Remarks on Greeting the Crew of the Space Shuttle Discovery

1989-03-24

The President. Dr. Fletcher and Admiral Truly, Commander Mike Coats and crew, friends and families: First, let me just take a second to salute Dr. Fletcher, whose name has become almost synonymous with NASA's. And as you know, he will be retiring on April 8th, and I want to thank him for his example, for his leadership, and for his commitment to this space program. He's been an inspiration to everybody not just in this administration and in government but all across the country, and we all owe him a vote of great thanks. [Applause]

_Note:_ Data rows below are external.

(* Let $m \ge 1$ and $n \ge 2m+2$ be integers. Then for every real $r$ with $|r|<1$, $$\int_{-1}^1 \frac{T_n(s)(1-s^2)^{m-\frac{1}{2}}}{(s-r)^3}\,ds = (-1)^{m+1}\left(\frac{1}{2}\right)^{2m+1}\frac{\pi}{1-r^2}\sum_{j=0}^{2m-1}(-1)^j\binom{2m-1}{j}(n+1-2m+2j)\Big[(n+2-2m+2j)U_{n-1-2m+2j}(r)-(n-2m+2j)U_{n+1-2m+2j}(r)\Big],$$ where the integral is a Hadamard finite-part integral.
   Context: $T_k(s)=\cos(k\cos^{-1}s)$ and $U_k(s)=\frac{\sin((k+1)\cos^{-1}s)}{\sin(\cos^{-1}s)}$ are the Tchebyshev polynomials of the first and second kinds. For a positive integer $\alpha\ge 2$ and $|r|<1$, the integral $\int_{-1}^1 \frac{D(s)}{(s-r)^\alpha}ds$ is understood in the Hadamard finite-part sense; in particular it satisfies $\int_{-1}^1 \frac{D(s)}{(s-r)^{\alpha}}ds=\frac{1}{\alpha-1}\frac{d}{dr}\int_{-1}^1\frac{D(s)}{(s-r)^{\alpha-1}}ds$, where for $\alpha-1=1$ the right-hand integral is a Cauchy principal value. $\binom{a}{j}=\frac{a!}{j!(a-j)!}$. *)

From Stdlib Require Import Reals.
From Coquelicot Require Import Coquelicot.
Open Scope R_scope.

Definition chebT (k : nat) (s : R) : R := cos (INR k * acos s).
Definition chebU (k : nat) (s : R) : R := sin (INR (k + 1) * acos s) / sin (acos s).

Definition is_PV (D : R -> R) (r v : R) : Prop :=
  filterlim
    (fun eps => RInt (fun s => D s / (s - r)) (-1) (r - eps)
              + RInt (fun s => D s / (s - r)) (r + eps) 1)
    (at_right 0) (locally v).

(* is_FP D k r v : the Hadamard finite-part integral
   int_{-1}^1 D(s)/(s-r)^(k+1) ds exists and equals v, defined by
   order 1 = principal value, and
   FP int D/(s-r)^(a) = 1/(a-1) d/dr FP int D/(s-r)^(a-1). *)
Fixpoint is_FP (D : R -> R) (k : nat) (r v : R) : Prop :=
  match k with
  | O => is_PV D r v
  | S k' => exists g : R -> R,
      (forall x, -1 < x < 1 -> is_FP D k' x (g x)) /\
      is_derive g r (INR (S k') * v)
  end.
Definition has_rates {d} {T : measurableType d} {R : realType}
  (P : probability T R) (n : nat) (X : R -> T -> seq nat)
  (q : R -> seq nat -> seq nat -> R) : Prop :=
  forall (theta : R) (c c' : seq nat),
    0 <= theta -> is_composition n c -> is_composition n c' -> c != c' ->
    0 < Pr P [set w | X theta w = c] ->
    (fun h => Pr P ([set w | X theta w = c] `&` [set w | X (theta + h) w = c'])
                / Pr P [set w | X theta w = c] / h)
      @ 0^'+ --> q theta c c'.

(* On the almost sure event Theta_1 <= 0 the binary word of C_{n,theta} starts
   with 1, so the composition and the bits 1(Theta_j <= theta) determine each other.
   By independence, the probability of any finite family of observations of the
   process is therefore a product over j of the probabilities that the single
   variable Theta_j realises a pattern of threshold bits.  For one variable the
   bit process theta |-> 1(Theta_j <= theta) is monotone: once its value at time s
   is known, either its past (bit 0) or its future (bit 1) is deterministic, which
   gives the Markov identity factor by factor.  For the rates, a bit equal to 0 at
   time theta switches during (theta, theta + h] with conditional probability
   h / (theta + j - 1 + h) and a 1 never switches back, so after dividing by h only
   transitions flipping exactly one 0 survive as h -> 0+. *)

From Pilot Require Import Defs.
From HB Require Import structures.
From mathcomp Require Import all_boot all_order all_algebra.
From mathcomp Require Import all_classical all_reals all_analysis.
From mathcomp Require Import ring.
Import Order.TTheory GRing.Theory Num.Theory.
Import numFieldNormedType.Exports.
Local Open Scope classical_set_scope.
Local Open Scope ring_scope.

And I think Jim, like these gentlemen with me, show that America is a family. And there are moments when we celebrate as a family would -- moments of remembrance and moments of pride. And last Saturday, nearly half a million people welcomed these gentlemen's return to Andrews -- Andrews -- Freudian slip -- [laughter] -- Edwards Air Force Base. And they were there to pay America's respects to your courage and to your enterprise. And today, we, too, salute the story that you've written. You've shown once again that teamwork works. And in a sense, though, your triumph is personal. After all, it's you who braved the elements and performed the tasks which made this mission such a success.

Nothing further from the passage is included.